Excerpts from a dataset

Lemma proportional_11 (u v : 'M[F]_1) : u != 0 -> v != 0 -> proportional u v.
Proof.
have entry_neq0 (w : 'M[F]_1) : w != 0 -> w 0 0 != 0.
  by apply: contraNneq => w0; apply/eqP/matrixP => i j; rewrite !ord1 w0 mxE.
move=> /entry_neq0 u0 /entry_neq0 v0; apply/proportionalP.
exists (v 0 0 / u 0 0); first by rewrite mulf_neq0 ?invr_eq0.
by apply/matrixP => i j; rewrite !ord1 mxE divfK.
Qed.

Lemma rank_row_mx_eq2 m (u v : 'cV[F]_m) : u != 0 -> v != 0 ->
  (\rank (row_mx u v) == 2%N) = ~~ proportional u v.
Proof.
rewrite -proportional_tr -mxrank_tr tr_row_mx -(trmx_eq0 u) -(trmx_eq0 v).
move: u^T v^T => {}u {}v u0 v0.
have -> : \rank (col_mx u v) = \rank (u + v)%MS by rewrite (addsmxE u v).1.
have -> : proportional u v = (v <= u)%MS.
  apply/proportionalP/sub_rVP => [[a _ <-]|[a e]]; first by exists a.
  by exists a; [apply: contraNneq v0 => a0; rewrite e a0 scale0r | rewrite e].
have [le_u eq_u] := mxrank_leqif_sup (addsmxSl u v).
have [le_uv _] := mxrank_adds_leqif u v.
rewrite addsmx_sub submx_refl /= in eq_u.
rewrite -eq_u; move: le_u le_uv; rewrite !rank_rV u0 v0 /=; lia.
Qed.
End Proportional.

Section ProjectivePoints.
Variables (F : finFieldType) (m : nat).
Local Notation q := #|F|.

Definition proj_point_reps nb (b : 'I_nb -> 'cV[F]_m) : Prop :=
  [/\ forall j, b j != 0,
      forall j j', proportional (b j) (b j') -> j = j'
    & forall w, w != 0 -> exists j, proportional (b j) w].

Lemma card_proportional_bigcup nb (b : 'I_nb -> 'cV[F]_m) :
    (forall j, b j != 0) -> (forall j j', proportional (b j) (b j') -> j = j') ->
  #|\bigcup_j [set w | proportional (b j) w]| = (nb * (q - 1))%N.
Proof.
move=> b0 b_inj; rewrite card_bigcup_disjoint => [|j j' neq].
  under eq_bigr do rewrite card_proportional //.
  by rewrite sum_nat_const card_ord subn1.
by apply: (proportional_disjoint id); apply: contra neq => /b_inj ->.
Qed.

Lemma card_nonzero_cV : #|[set~ (0 : 'cV[F]_m)]| = (q ^ m - 1)%N.
Proof. by rewrite cardsC1 card_mx muln1 subn1. Qed.

Lemma card_proj_point_reps nb (b : 'I_nb -> 'cV[F]_m) :
  proj_point_reps b -> (nb * (q - 1) = q ^ m - 1)%N.
Proof.
move=> [b0 b_inj b_cover]; rewrite -(card_proportional_bigcup b0 b_inj) -card_nonzero_cV.
apply: eq_card => w; rewrite !inE; apply/bigcupP/idP => [[j _]|w0].
  by rewrite inE; apply: proportional_neq0.
by have [j jw] := b_cover w w0; exists j; rewrite ?inE.
Qed.

Lemma proj_point_reps_by_card nb (b : 'I_nb -> 'cV[F]_m) :
    (forall j, b j != 0) -> (forall j j', proportional (b j) (b j') -> j = j') ->
    (nb * (q - 1) = q ^ m - 1)%N ->
  proj_point_reps b.
Proof.
move=> b0 b_inj card_b; split => // w w0.
have : w \in \bigcup_j [set w | proportional (b j) w].
  suff -> : \bigcup_j [set w | proportional (b j) w] = [set~ 0] by rewrite !inE.
  apply/eqP; rewrite eqEcard card_proportional_bigcup // card_b card_nonzero_cV.
  rewrite leqnn andbT; apply/subsetP => v /bigcupP[j _]; rewrite !inE.
  exact: proportional_neq0.
by case/bigcupP => j _; rewrite inE; exists j.
Qed.

(* [pick] only sees the class of [u], so this is a canonical point of the class. *)
Definition proj_rep (u : 'cV[F]_m) : 'cV[F]_m := odflt 0 [pick w | proportional u w].

Lemma proportional_proj_rep u : proportional u (proj_rep u).
Proof. by rewrite /proj_rep; case: pickP => //= /(_ u); rewrite proportional_refl. Qed.

Lemma proj_rep_eq u v : proportional u v -> proj_rep u = proj_rep v.
Proof.
move=> uv; rewrite /proj_rep; congr odflt; apply: eq_pick => w /=.
by apply/idP/idP; [apply: proportional_trans (proportional_sym uv) | apply: proportional_trans uv].
Qed.

Lemma proj_point_reps_exist : exists nb (b : 'I_nb -> 'cV[F]_m), proj_point_reps b.
Proof.
pose R := [set proj_rep u | u in [set~ 0]].
pose b (j : 'I_#|R|) : 'cV[F]_m := enum_val j.
have Rrep j : exists2 u, u != 0 & b j = proj_rep u.
  have /imsetP[u] : b j \in [set proj_rep u | u in [set~ 0]] := enum_valP j.
  by rewrite !inE => u0 bju; exists u.
exists #|R|, b; split.
- move=> j; have [u u0 ->] := Rrep j.
  exact: proportional_neq0 u0 (proportional_proj_rep u).
- move=> j j' bjj'; apply: enum_val_inj; rewrite -/(b j) -/(b j').
  have [u _ bj] := Rrep j; have [u' _ bj'] := Rrep j'.
  rewrite bj bj' in bjj' *; apply: proj_rep_eq.
  apply: proportional_trans (proportional_proj_rep u) _.
  exact: proportional_trans bjj' (proportional_sym (proportional_proj_rep u')).
- move=> w w0; have wR : proj_rep w \in R by rewrite imset_f // !inE.
  exists (enum_rank_in wR (proj_rep w)); rewrite /b enum_rankK_in //.
  exact: proportional_sym (proportional_proj_rep w).
Qed.

Lemma hamming_pcm_reps nb (B : 'M[F]_(m, nb)) :
  hamming_pcm B -> proj_point_reps (fun j => col j B).
Proof.
move=> [_ nbE B0 B2]; apply: proj_point_reps_by_card => // [j j' jj'|].
  by apply/eqP; apply: contraLR jj' => /B2/eqP; rewrite rank_row_mx_eq2.
by rewrite nbE divnK // !subn1 predn_exp dvdn_mulr.
Qed.

Lemma reps_hamming_pcm nb (b : 'I_nb -> 'cV[F]_m) :
  (2 <= m)%N -> proj_point_reps b -> hamming_pcm (\matrix_(i, j) b j i 0).
Proof.
move=> m2 b_reps; have [b0 b_inj _] := b_reps.
have colE j : col j (\matrix_(i, j) b j i 0) = b j by apply/colP => i; rewrite !mxE.
split => // [|j|j j' neq]; rewrite ?colE //.
  by rewrite -(card_proj_point_reps b_reps) mulnK // subn_gt0 card_finNzRing_gt1.
by apply/eqP; rewrite rank_row_mx_eq2 //; apply: contra neq => /b_inj ->.
Qed.

End ProjectivePoints.

Lemma proj_point_reps_dim (F : finFieldType) m m' nb (b : 'I_nb -> 'cV[F]_m)
    (b' : 'I_nb -> 'cV[F]_m') :
  proj_point_reps b -> proj_point_reps b' -> m = m'.
Proof.
move=> /card_proj_point_reps card_b /card_proj_point_reps; rewrite card_b => e.
have q_gt1 := card_finNzRing_gt1 F; apply: (expnI q_gt1).
have := expn_gt0 #|F| m; have := expn_gt0 #|F| m'; rewrite (ltnW q_gt1) /=.
by move: e; move: (#|F| ^ m)%N (#|F| ^ m')%N => x x'; lia.
Qed.


Section ParityCheck.
Variable F : finFieldType.
Local Notation q := #|F|.

Lemma card_gen_code k n (G : 'M[F]_(k, n)) : #|gen_code G| = (q ^ \rank G)%N.
Proof.
have -> : gen_code G = (fun u : 'rV_(\rank G) => u *m row_base G) @: setT.
  apply/setP => x; rewrite inE; apply/idP/imsetP.
    by rewrite -(eq_row_base G) => /submxP[u ->]; exists u.
  by move=> [u _ ->]; rewrite -(eq_row_base G) submxMl.
rewrite card_imset ?cardsT ?card_mx ?mul1n //.
exact: row_free_inj (row_base_free G).
Qed.

Lemma pcm_code_kermx r n (H : 'M[F]_(r, n)) : pcm_code H = gen_code (kermx H^T).
Proof. by apply/setP => x; rewrite !inE -trmx_eq0 trmx_mul trmxK sub_kermx. Qed.

Lemma card_pcm_code r n (H : 'M[F]_(r, n)) :
  row_free H -> #|pcm_code H| = (q ^ (n - r))%N.
Proof. by move=> /eqP Hr; rewrite pcm_code_kermx card_gen_code mxrank_ker mxrank_tr Hr. Qed.

Lemma pcm_code_castmx r r' n (e : r = r') (H : 'M[F]_(r, n)) :
  pcm_code (castmx (e, erefl n) H) = pcm_code H.
Proof. by case: r' / e. Qed.

Lemma linear_code_gen n (C : {set 'rV[F]_n}) :
  is_linear_code C -> exists k (G : 'M[F]_(k, n)), C = gen_code G.
Proof.
move=> [C0 C_lin].
have CD x y : x \in C -> y \in C -> x + y \in C.
  by move=> xC yC; have := C_lin 1 x y xC yC; rewrite scale1r.
have CZ a x : x \in C -> a *: x \in C.
  by move=> xC; have := C_lin a x 0 xC C0; rewrite addr0.
pose G : 'M[F]_(#|C|, n) := \matrix_i enum_val i.
have rowG i : row i G = enum_val i by rewrite rowK.
exists #|C|, G; apply/setP => x; rewrite inE; apply/idP/idP => [xC|/submxP[u ->]].
  by rewrite -(enum_rankK_in xC xC) -rowG row_sub.
rewrite mulmx_sum_row; apply: (big_ind (fun x => x \in C)) => // i _.
by rewrite rowG; apply/CZ/enum_valP.
Qed.

Lemma gen_code_pcm k n (G : 'M[F]_(k, n)) :
  exists r (H : 'M[F]_(r, n)), row_free H /\ gen_code G = pcm_code H.
Proof.
pose P := cokermx G; exists (\rank P), (col_base P)^T; split.
  by rewrite /row_free mxrank_tr; apply: col_base_full.
apply/setP => x; rewrite !inE submxE -/P -{1}(mulmx_base P) mulmxA.
by rewrite mulmx_free_eq0 ?row_base_free // -trmx_eq0 trmx_mul.
Qed.

End ParityCheck.

Section DistanceOne.
Variable F : finFieldType.
Implicit Types (n r : nat) (a : F).

Lemma hdist_sub_delta n (v : 'rV[F]_n) a i :
  a != 0 -> hdist v (v - a *: delta_mx 0 i) = 1%N.
Proof.
move=> a0; apply: etrans (cards1 i); apply: eq_card => j; rewrite !inE !mxE eqxx /=.
have [->|ji] := eqVneq j i; last by rewrite mulr0 subr0 eqxx.
by rewrite mulr1 -[X in X != _]subr0 (inj_eq (addrI _)) eqr_opp eq_sym a0.
Qed.

Lemma hdist_eq1 n (v c : 'rV[F]_n) : hdist v c = 1%N ->
  exists2 i, (v - c) 0 i != 0 & c = v - (v - c) 0 i *: delta_mx 0 i.
Proof.
move/eqP/cards1P => [i supp_i]; exists i.
  by have := set11 i; rewrite -supp_i inE !mxE subr_eq0.
apply/rowP => j; rewrite !mxE eqxx /=; have [->|ji] := eqVneq j i.
  by rewrite mulr1 subKr.
have : j \notin [set i] by rewrite inE.
by rewrite -supp_i inE negbK => /eqP ->; rewrite mulr0 subr0.
Qed.

Lemma pcm_syndrome_sub_delta r n (H : 'M[F]_(r, n)) v a i :
  H *m (v - a *: delta_mx 0 i)^T = H *m v^T - a *: col i H.
Proof. by rewrite linearB linearZ /= trmx_delta mulmxBr -scalemxAr -colE. Qed.

Lemma pcm_code_col_neq0 r n (H : 'M[F]_(r, n)) :
    (forall x y, x \in pcm_code H -> y \in pcm_code H -> x != y -> (2 <= hdist x y)%N) ->
  forall i, col i H != 0.
Proof.
move=> dist2 i; apply/eqP => Hi0; pose e : 'rV[F]_n := 0 - 1 *: delta_mx 0 i.
suff : (1 < hdist 0 e)%N by rewrite hdist_sub_delta ?oner_eq0.
apply: dist2.
- by rewrite !inE trmx0 mulmx0.
- by rewrite inE pcm_syndrome_sub_delta Hi0 trmx0 mulmx0 scaler0 subrr.
apply/eqP => /rowP/(_ i); rewrite !mxE !eqxx mul1r sub0r => /eqP.
by rewrite eq_sym oppr_eq0 oner_eq0.
Qed.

▶ [Exercise details]: Write out every line of the entries that holds the word "bigcupP".

▶ [Answer to the exercise]:
apply: eq_card => w; rewrite !inE; apply/bigcupP/idP => [[j _]|w0].
  rewrite leqnn andbT; apply/subsetP => v /bigcupP[j _]; rewrite !inE.
by case/bigcupP => j _; rewrite inE; exists j.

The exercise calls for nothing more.